Слушая его, я «виртуально» познакомился почти со всеми героями его рассказов и стихотворений. Я знал имена почти всех его знакомых, друзей и женщин, которые были рядом с ним на свободе в разные периоды его жизни, хотя и общение наше чаще всего носило отрывистый характер, так как лагерная система не подразумевает возможности для сколько-нибудь значимого сближения и постоянства и порой ограничивается коротким рукопожатием и обоюдными вопросами: «Ну, как ты, брат?»

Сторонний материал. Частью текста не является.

Lemma dual_pair_Lnorm_Mnorm : is_Lnorm B -> is_Mnorm A.
Proof.
move=> BL k Y C CC; set m := \big[Num.max/0]_(i < k) A (Y i).
have m_ge0 : 0 <= m by apply: bigmax_ge_id.
apply/ler_addgt0Pr => e e0.
have [X [X1 AX]] := A_approx (\sum_i adjmx (C i) *m Y i *m C i) e0.
suff : cmod (hsdot (\sum_i adjmx (C i) *m Y i *m C i) X) <= m by lra.
rewrite hsdot_suml; apply: (le_trans (cmod_sum _ _ _)).
apply: (@le_trans _ _ (\sum_i m * B (C i *m X *m adjmx (C i)))).
  apply: ler_sum => i _; rewrite hsdot_conjl (le_trans (hsdot_le _ _)) //.
  by rewrite ler_wpM2r // le_bigmax.
by rewrite -mulr_sumr ler_piMr // (le_trans (BL _ _ _ CC)).
Qed.

End DualPair.

Theorem lemma2p6 (R : realType) (n : nat) (N : 'M[R[i]]_n -> R) :
  is_norm N ->
  (is_Mnorm N <-> is_Lnorm (dual_norm N)) /\
  (is_Lnorm N <-> is_Mnorm (dual_norm N)).
Proof.
move=> normN.
have N_ge0 X : 0 <= N X by case: normN.
have NZ a X : N (a *: X) <= cmod a * N X by case: normN => _ _ -> _.
have DN Y X : cmod (hsdot Y X) <= N Y * dual_norm N X.
  by rewrite hsdotC cmodJ mulrC hsdot_le_dual.
have N_approx Y e : 0 < e -> exists X, dual_norm N X <= 1 /\ N Y - e < cmod (hsdot Y X).
  move=> e0; have [X [X1 NY]] := dual_norming normN Y.
  by exists X; split => //; rewrite hsdotC cmodJ; lra.
have D_ge0 := dual_norm_ge0 normN; have DZ := dual_normZ_le normN.
have ND := hsdot_le_dual normN; have D_approx := dual_norm_approx normN.
split; split.
- exact: dual_pair_Mnorm_Lnorm D_ge0 NZ ND D_approx.
- exact: dual_pair_Lnorm_Mnorm D_ge0 DN N_approx.
- exact: dual_pair_Lnorm_Mnorm N_ge0 ND D_approx.
- exact: dual_pair_Mnorm_Lnorm N_ge0 DZ DN N_approx.
Qed.
(* Let $-1$ denote the automorphism of $\mathcal A_\theta^{alg}$ with $U_1\mapsto U_1^{-1}$, $U_2\mapsto U_2^{-1}$, and let $H^0(\mathcal A_\theta^{alg},{}_{-1}\mathcal A_\theta^{alg\ast})$ be the space of formal series $\varphi=\sum\varphi_{n,m}U_1^nU_2^m$ with $((-1)\cdot a)\varphi=\varphi a$ for all $a\in\mathcal A_\theta^{alg}$. Let $\mathbb Z_4$ be generated by the automorphism $\rho$ with $\rho\cdot U_1=U_2^{-1}$, $\rho\cdot U_2=U_1$ (so $\rho^2=-1$), acting on this space termwise. Then $H^0(\mathcal A_\theta^{alg},{}_{-1}\mathcal A_\theta^{alg\ast})^{\mathbb Z_4}\cong\mathbb C^3$.
   Context: Let $\theta\in\mathbb R\setminus\mathbb Q$, $\lambda=e^{2\pi i\theta}$. $\mathcal A_\theta^{alg}$ is the complex algebra of finite sums $\sum a_{n,m}U_1^nU_2^m$ with $U_1,U_2$ invertible and $U_2U_1=\lambda U_1U_2$; formal series $\sum_{(n,m)\in\mathbb Z^2}\varphi_{n,m}U_1^nU_2^m$ with arbitrary coefficients form an $\mathcal A_\theta^{alg}$-bimodule via multiplication. Termwise action of an automorphism $h$: $h\cdot\sum\varphi_{n,m}U_1^nU_2^m=\sum\varphi_{n,m}\,h\cdot(U_1^nU_2^m)$. *)

From HB Require Import structures.
From mathcomp Require Import all_boot all_order all_algebra.
From mathcomp Require Import complex.
From mathcomp Require Import reals trigo.

Set Implicit Arguments.
Unset Strict Implicit.
Unset Printing Implicit Defensive.

Import Order.TTheory GRing.Theory Num.Theory.
Local Open Scope ring_scope.
Local Open Scope complex_scope.

Section NCTorus.
Variable R : realType.
Variable theta : R.

Definition lambda : R[i] := (cos (2 * pi * theta))%:C + 'i * (sin (2 * pi * theta))%:C.

(* A monomial U_1^n U_2^m is indexed by (n, m) : int * int. *)
(* Product of monomials, using U_2 U_1 = lambda U_1 U_2 (hence
   U_2^b U_1^n = lambda^(b n) U_1^n U_2^b):
   (U_1^a U_2^b)(U_1^n U_2^m) = lambda^(b n) U_1^(a+n) U_2^(b+m). *)
Definition mono_mul (x y : int * int) : R[i] * (int * int) :=
  (lambda ^ (x.2 * y.1), (x.1 + y.1, x.2 + y.2)%R).

Definition series := int * int -> R[i].

(* Elements of A_theta^alg: finite sums  sum_k c_k U_1^{n_k} U_2^{m_k}
   (represented by a finite list of (coefficient, exponent) pairs). *)
Definition alg := seq (R[i] * (int * int)).

(* Left multiplication of a series by a monomial x:
   x * sum_q phi_q U^q = sum_q phi_q (mono_mul x q); the coefficient
   at p comes from the unique q = p - x. *)
Definition lmul_mono (x : int * int) (phi : series) : series :=
  fun p => let q := (p.1 - x.1, p.2 - x.2)%R in (mono_mul x q).1 * phi q.

(* Right multiplication of a series by a monomial x:
   (sum_q phi_q U^q) * x = sum_q phi_q (mono_mul q x). *)
Definition rmul_mono (x : int * int) (phi : series) : series :=
  fun p => let q := (p.1 - x.1, p.2 - x.2)%R in (mono_mul q x).1 * phi q.

Definition lact (a : alg) (phi : series) : series :=
  fun p => \sum_(t <- a) t.1 * lmul_mono t.2 phi p.
Definition ract (a : alg) (phi : series) : series :=
  fun p => \sum_(t <- a) t.1 * rmul_mono t.2 phi p.

Definition minus1_mono (x : int * int) : R[i] * (int * int) := (1, (- x.1, - x.2)%R).
Definition minus1_alg (a : alg) : alg :=
  [seq ((t.1 * (minus1_mono t.2).1), (minus1_mono t.2).2) | t <- a].

Definition H0_minus1 (phi : series) : Prop :=
  forall a : alg, lact (minus1_alg a) phi = ract a phi.

(* The automorphism rho : U_1 |-> U_2^{-1}, U_2 |-> U_1; on monomials
   rho(U_1^n U_2^m) = U_2^{-n} U_1^m = mono_mul (0,-n) (m,0)
                    = lambda^(-n m) U_1^m U_2^{-n}. *)
Definition rho_mono (x : int * int) : R[i] * (int * int) :=
  mono_mul (0, - x.1)%R (x.2, 0)%R.

(* Termwise action of rho on series:
   rho . sum_x phi_x U^x = sum_x phi_x rho(U^x); the term landing at
   p = (p1,p2) comes from the unique x = (-p2, p1) (rho_mono x has exponent p). *)
Definition rho_series (phi : series) : series :=
  fun p => let x := (- p.2, p.1)%R in (rho_mono x).1 * phi x.

Definition Z4_invariant (phi : series) : Prop :=
  forall k : 'I_4, iter k rho_series phi = phi.

Definition lincomb3 (c : 'rV[R[i]]_3) (f : 'I_3 -> series) : series :=
  fun p => \sum_(i < 3) c ord0 i * f i p.

End NCTorus.

(* Choose mu with mu^2 = lambda (mu = e^{i pi theta}) and write a series as
   phi_u = psi_u mu^{u_1 u_2}.  In these coordinates the (-1)-twisted trace
   condition tested on a monomial a = U^x reads psi(p + x) = psi(p - x), i.e.
   psi is 2Z^2-periodic, and rho acts on psi by the rotation (n, m) |-> (-m, n).
   The invariant series are therefore the functions on (Z/2)^2 constant on the
   rotation orbits {00}, {11} and {10, 01}: a three-dimensional space. *)
From HB Require Import structures.
From mathcomp Require Import all_boot all_order all_algebra.
From mathcomp Require Import complex.
From mathcomp Require Import reals trigo.
From mathcomp Require Import ring zify.
Set Implicit Arguments.
Unset Strict Implicit.

Import GRing.Theory Num.Theory.
Local Open Scope ring_scope.

Lemma modz2N (n : int) : (- n %% 2 = n %% 2)%Z.
Proof. by rewrite -(modzMDl n (- n)); congr (_ %% _)%Z; ring. Qed.

Lemma modz2_01 (n : int) : (n %% 2)%Z = 0 \/ (n %% 2)%Z = 1.
Proof.
have := modz_ge0 n (isT : (2 : int) != 0); have := ltz_pmod n (isT : (0 : int) < 2).
lia.
Qed.

Definition parity_class (u : int * int) : 'I_3 :=
  let a := (u.1 %% 2)%Z in let b := (u.2 %% 2)%Z in
  inord (if a == b then `|a| else 2)%N.

Definition class_rep (i : 'I_3) : int * int :=
  match nat_of_ord i with 0%N => (0, 0) | 1%N => (1, 1) | _ => (1, 0) end.

Lemma parity_class_rep (i : 'I_3) : parity_class (class_rep i) = i.
Proof. by apply/val_inj; case: i => -[|[|[|//]]] ?; rewrite /parity_class /= inordK. Qed.

Lemma parity_class_shift2 (u x : int * int) :
  parity_class (u.1 + x.1 * 2, u.2 + x.2 * 2) = parity_class u.
Proof. by rewrite /parity_class /= !(addrC _ (_ * 2)) !modzMDl. Qed.

Lemma parity_class_rot (u : int * int) : parity_class (- u.2, u.1) = parity_class u.
Proof. by rewrite /parity_class /= modz2N eq_sym; case: eqP => // ->. Qed.

Lemma parity_invariantP (T : Type) (g : int * int -> T) :
  (forall u x, g (u.1 + x.1 * 2, u.2 + x.2 * 2) = g u) /\
  (forall u, g (- u.2, u.1) = g u) <->
  g =1 g \o class_rep \o parity_class.
Proof.
split=> [[periodic rot] u | E]; last first.
  by split=> u *; rewrite E [RHS]E /= ?parity_class_shift2 ?parity_class_rot.
pose r := ((u.1 %% 2)%Z, (u.2 %% 2)%Z); pose q := ((u.1 %/ 2)%Z, (u.2 %/ 2)%Z).
have -> : u = (r.1 + q.1 * 2, r.2 + q.2 * 2).
  by case: u @r @q => a b; rewrite /= !(addrC (_ %% 2)%Z) -!divz_eq.
rewrite periodic /comp parity_class_shift2 /parity_class /r /=.
case: (modz2_01 u.1) => ->; case: (modz2_01 u.2) => -> //=; rewrite /class_rep inordK //=.
by rewrite -[RHS]rot oppr0.
Qed.

Section NCTorus.
Variables (R : realType) (theta : R).
Local Open Scope complex_scope.

Definition sqrt_lambda : R[i] := cos (pi * theta) +i* sin (pi * theta).
Local Notation mu := sqrt_lambda.

Lemma sqrt_lambda_sqr : mu ^+ 2 = lambda theta.
Proof.
rewrite /lambda /sqrt_lambda expr2.
have -> : 2 * pi * theta = pi * theta + pi * theta by ring.
by rewrite cosD sinD; apply/eqP; rewrite eq_complex /=; apply/andP; split; apply/eqP; ring.
Qed.

Lemma sqrt_lambda_neq0 : mu != 0.
Proof.
apply/eqP => -[mu_re mu_im]; have := cos2Dsin2 (pi * theta).
by rewrite mu_re mu_im expr0n /= addr0 => /eqP; rewrite eq_sym oner_eq0.
Qed.

Lemma lambda_exprz (n : int) : lambda theta ^ n = mu ^ (2 * n).
Proof. by rewrite -sqrt_lambda_sqr -exprz_exp. Qed.

Lemma sqrt_lambda_exprzD (a b : int) : mu ^ a * mu ^ b = mu ^ (a + b).
Proof. by rewrite expfzDr // sqrt_lambda_neq0. Qed.

Lemma sqrt_lambda_exprzI (a : int) : GRing.rreg (mu ^ a).
Proof. by apply: mulIf; rewrite expfz_neq0 // sqrt_lambda_neq0. Qed.

Definition untwist (phi : series R) : series R := fun u => phi u * mu ^ (- (u.1 * u.2)).

Lemma untwistK (phi : series R) u : untwist phi u * mu ^ (u.1 * u.2) = phi u.
Proof. by rewrite -mulrA sqrt_lambda_exprzD addNr expr0z mulr1. Qed.

Lemma untwist_inj : injective untwist.
Proof.
move=> phi phi' E; apply: boolp.funext => u.
by rewrite -untwistK E untwistK.
Qed.

Lemma H0_minus1_monoP (phi : series R) : H0_minus1 theta phi <->
  forall x p, lmul_mono theta (- x.1, - x.2) phi p = rmul_mono theta x phi p.
Proof.
split=> [H x p | H a].
  by have := congr1 (fun g => g p) (H [:: (1, x)]); rewrite /lact /ract /= !big_seq1 !mul1r.
apply: boolp.funext => p; rewrite /lact /ract big_map.
by apply: eq_bigr => t _; rewrite /= mulr1 H.
Qed.

Lemma lmul_rmul_monoP (phi : series R) x p :
  lmul_mono theta (- x.1, - x.2) phi p = rmul_mono theta x phi p <->
  untwist phi (p.1 + x.1, p.2 + x.2) = untwist phi (p.1 - x.1, p.2 - x.2).
Proof.
rewrite /lmul_mono /rmul_mono /mono_mul /= !opprK -!(untwistK phi) !lambda_exprz.
rewrite mulrCA sqrt_lambda_exprzD [RHS]mulrCA sqrt_lambda_exprzD /=.
have -> : 2 * ((p.2 - x.2) * x.1) + (p.1 - x.1) * (p.2 - x.2)
        = 2 * (- x.2 * (p.1 + x.1)) + (p.1 + x.1) * (p.2 + x.2) by ring.
by split=> [/sqrt_lambda_exprzI | ->].
Qed.

Lemma H0_minus1_periodicP (phi : series R) : H0_minus1 theta phi <->
  forall u x, untwist phi (u.1 + x.1 * 2, u.2 + x.2 * 2) = untwist phi u.
Proof.
rewrite H0_minus1_monoP; split=> [H [a b] x | H x p].
  have /lmul_rmul_monoP := H x (a + x.1, b + x.2); rewrite /= !addrK => <-.
  by congr (untwist phi (_, _)); ring.
apply/lmul_rmul_monoP; rewrite -(H (p.1 - x.1, p.2 - x.2) x) /=.
by congr (untwist phi (_, _)); ring.
Qed.

Lemma untwist_rho (phi : series R) p :
  untwist (rho_series theta phi) p = untwist phi (- p.2, p.1).
Proof.
rewrite /untwist /rho_series /rho_mono /mono_mul /= lambda_exprz.
rewrite mulrAC mulrC mulrA sqrt_lambda_exprzD; congr (_ * mu ^ _); ring.
Qed.

Lemma rho_series_fixP (phi : series R) : rho_series theta phi = phi <->
  forall p, untwist phi (- p.2, p.1) = untwist phi p.
Proof.
split=> [E p | H]; first by rewrite -untwist_rho E.
by apply: untwist_inj; apply: boolp.funext => p; rewrite untwist_rho H.
Qed.

Lemma Z4_invariantP (phi : series R) :
  Z4_invariant theta phi <-> rho_series theta phi = phi.
Proof.
split=> [H | E k]; first by have := H (inord 1); rewrite inordK.
by elim: (val k) => //= n ->.
Qed.

Definition parity_basis (i : 'I_3) : series R :=
  fun u => (parity_class u == i)%:R * mu ^ (u.1 * u.2).

Lemma untwist_lincomb3 c u :
  untwist (lincomb3 c parity_basis) u = c ord0 (parity_class u).
Proof.
rewrite /untwist /lincomb3 (bigD1 (parity_class u)) //= big1 => [|i /negPf ne_i].
  by rewrite addr0 /parity_basis eqxx mul1r -mulrA sqrt_lambda_exprzD addrN expr0z mulr1.
by rewrite /parity_basis eq_sym ne_i mul0r mulr0.
Qed.

End NCTorus.

Theorem mainTheorem7 (R : realType) (theta : R)
  (theta_irr : ~ exists q : rat, theta = ratr q) :
  exists f : 'I_3 -> series R,
    forall phi : series R,
      (H0_minus1 theta phi /\ Z4_invariant theta phi) <->
      exists! c : 'rV[R[i]]_3, phi = lincomb3 c f.
Proof.
exists (parity_basis theta) => phi.
rewrite Z4_invariantP H0_minus1_periodicP rho_series_fixP parity_invariantP.
split=> [E | [c [-> _]] u]; last by rewrite /= !untwist_lincomb3 parity_class_rep.
exists (\row_i untwist theta phi (class_rep i)); split.
  apply: (@untwist_inj R theta); apply: boolp.funext => u.
  by rewrite untwist_lincomb3 mxE E.
by move=> c ->; apply/rowP => i; rewrite mxE untwist_lincomb3 parity_class_rep.
Qed.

Записи, которые вы держите в руках, я делал эпизодически – личное время у заключенных также ограничено и не только распорядком дня, но более невозможностью остаться одному, наедине со своими мыслями. Можно сказать, что мне удалось просто перенести на бумагу его рассказы. Полагаю, что рассказы эти были откровенны. Подобную откровенность мы можем позволить себе, повествуя о людях и событиях, отстоящих от нас так далеко, что уже не будет возможности проверить их «всамделишность», встретиться с персонажами этих событий, чтобы они сказали: «Да-а, были времена…». Или это проявляется «синдром попутчика». Опять же: «Не жди, не встретимся».

В общем, если кто-то из читателей увидел знакомые лица или вдруг узнал себя, значит, я точно воспроизвел услышанное, а рассказчик не кривил душой, не искажал и не приукрашивал произошедшего. Впрочем, за абсолютную точность я не ручаюсь. Да и нужна ли она, абсолютная точность?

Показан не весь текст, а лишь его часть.